Land-based gaming giant Las Vegas Sands saw revenue fall 73.1% year-on-year for the six months ended 30 June, 2020 after Q2 revenue collapsed to almost zero due to the novel coronavirus (Covid-19) pandemic.
The business made $1.88bn in revenue for the half-year,down 73.1% year-on-year. Most of this revenue came from casino, at $1.19bn. However, this figure was down 76.4% year-on-year.
Revenue from rooms fell 67.9% to $282m while food and beverage revenue fell 66.9% to $151m and mall revenue declined 55.5% to $145m. Convention, retail and other revenue fell 61.3% to $115m.
As the novel coronavirus (Covid-19) pandemic affected China before the US, Las Vegas Sands’ Macau revenue fell most drastically, by 80.7% to $861m. Revenue for all operators on the island fell 77.4% for the first half of the year.
The Venetian Macau was the operator’s most successful property in the territory, but revenue fell 80.4% to $343m. Revenue from the Sands Cotai Central, meanwhile, fell 83.0% to $180m.

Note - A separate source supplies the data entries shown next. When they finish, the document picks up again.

(* Let $p\ge 1$ and $m\ge 2$ be integers, and let $\mathbf{x}_1,\dots,\mathbf{x}_p\in\mathbb{R}^2$ be given nodes (neighbours of the origin $\mathbf{x}_0=\mathbf{0}$). Let $\varphi_1,\dots,\varphi_n$ be an enumeration of the set $$\Psi=\{x,\ y,\ x^2,\ xy,\ y^2,\ \dots,\ x^m,\ x^{m-1}y,\ \dots,\ y^m\}$$ of all monomials in $(x,y)$ of total degree between $1$ and $m$ (so $n=\binom{m+2}{2}-1$), ordered by nondecreasing degree. For $r>0$ define the $n\times p$ matrix $\Phi(r)$ by $\Phi(r)_{ik}=\varphi_i(r\mathbf{x}_k)$, set $\Phi=\Phi(1)$, and let $\mathbf{Y}=(\Delta\varphi_1(\mathbf{0}),\dots,\Delta\varphi_n(\mathbf{0}))^{\mathrm T}\in\mathbb{R}^n$. Assume $\Phi$ has full column rank $p$ (so that for every $r>0$ the linear system $\mathbf{Y}=\Phi(r)\boldsymbol{\omega}$ has a unique least-squares solution). Let $\boldsymbol{\omega}_r\in\mathbb{R}^p$ be this least-squares solution, i.e. the unique minimizer of $\|\mathbf{Y}-\Phi(r)\boldsymbol{\omega}\|_2$, and put $\boldsymbol{\eta}_r=r^2\boldsymbol{\omega}_r$. Then: 1) $\boldsymbol{\eta}_r$ is bounded as $r\to 0^+$, i.e. there exist $r_0>0$ and $C>0$ such that $\|\boldsymbol{\eta}_r\|\le C$ for all $r\in(0,r_0]$. 2) If $r_n\to 0^+$ and $\boldsymbol{\eta}=\lim_{n\to\infty}\boldsymbol{\eta}_{r_n}$ exists, then $\boldsymbol{\eta}$ is an approximation of the Laplacian $\Delta$ at $\mathbf{0}$ of the largest possible order, i.e. the order of $\boldsymbol{\eta}$ equals $\max_{\boldsymbol{\zeta}\in\mathbb{R}^p}\operatorname{ord}(\boldsymbol{\zeta})$.
   Context: Notation: $\Delta=\partial_x^2+\partial_y^2$ is the Laplacian on $\mathbb{R}^2$; thus $\Delta\varphi(\mathbf 0)=2$ for $\varphi\in\{x^2,y^2\}$ and $\Delta\varphi(\mathbf 0)=0$ for every other monomial in $\Psi$. A weight vector $\boldsymbol{\zeta}=(\zeta_1,\dots,\zeta_p)^{\mathrm T}\in\mathbb{R}^p$ defines the discrete Laplace approximation at $\mathbf 0$, $u\mapsto \sum_{k=1}^p \zeta_k\,[u(\mathbf{x}_k)-u(\mathbf 0)]$ (for the scaled nodes $r\mathbf{x}_k$ one uses $u\mapsto r^{-2}\sum_k\zeta_k[u(r\mathbf{x}_k)-u(\mathbf 0)]$). Order of approximation: $\boldsymbol{\zeta}$ is an approximation of $\Delta$ at $\mathbf 0$ of order $l$ ($0\le l\le m$), written $\operatorname{ord}(\boldsymbol{\zeta})=l$, if $l$ is the largest integer in $\{0,\dots,m\}$ such that $\sum_{k=1}^p\zeta_k\,\varphi(\mathbf{x}_k)=\Delta\varphi(\mathbf 0)$ holds for every monomial $\varphi\in\Psi$ of degree $\le l$ (the condition for $l=0$ is vacuous). Equivalently, by homogeneity $\varphi(r\mathbf{x})=r^{\deg\varphi}\varphi(\mathbf{x})$, the scaled operator $r^{-2}\sum_k\zeta_k[\varphi(r\mathbf{x}_k)-\varphi(\mathbf 0)]$ reproduces $\Delta\varphi(\mathbf 0)$ exactly for all monomials of degree $\le l$, so that for polynomials $u$ the error $\Delta u(\mathbf 0)-r^{-2}\sum_k\zeta_k[u(r\mathbf{x}_k)-u(\mathbf 0)]$ is $O(r^{l-1})$ as $r\to0$. *)

From HB Require Import structures.
From mathcomp Require Import all_boot all_order all_algebra.
From mathcomp Require Import all_classical all_reals all_analysis.
Set Implicit Arguments. Unset Strict Implicit. Unset Printing Implicit Defensive.
Import Order.TTheory GRing.Theory Num.Theory.
Local Open Scope ring_scope.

Revenue from The Plaza Macau and Four Seasons Hotel Macau was the most stable, but still fell 71.0% to $126m while the Parisian Macau was most affected by the virus, with revenue falling 86.4% to $118m. Sands Macau revenue fell 75.2% to $76m while ferry operations revenue declined by 70.0% to $18m.
Elsewhere, the Marina Bay Sands resort in Singapore saw revenue decline 56.4% to $635m while revenue from the operator’s Las Vegas operating properties in the US fell 53.4% to $436m. In 2019, the business had also made $227m through the former Sands Bethlehem venue in Pennsylvania, which is now owned and operated by Wind Creek Hospitality. Overall revenue outside of Macau came to $1.02bn.
While operating expenses also fell drastically, by 46.3% to $2.75bn, they comfortably exceeded revenue.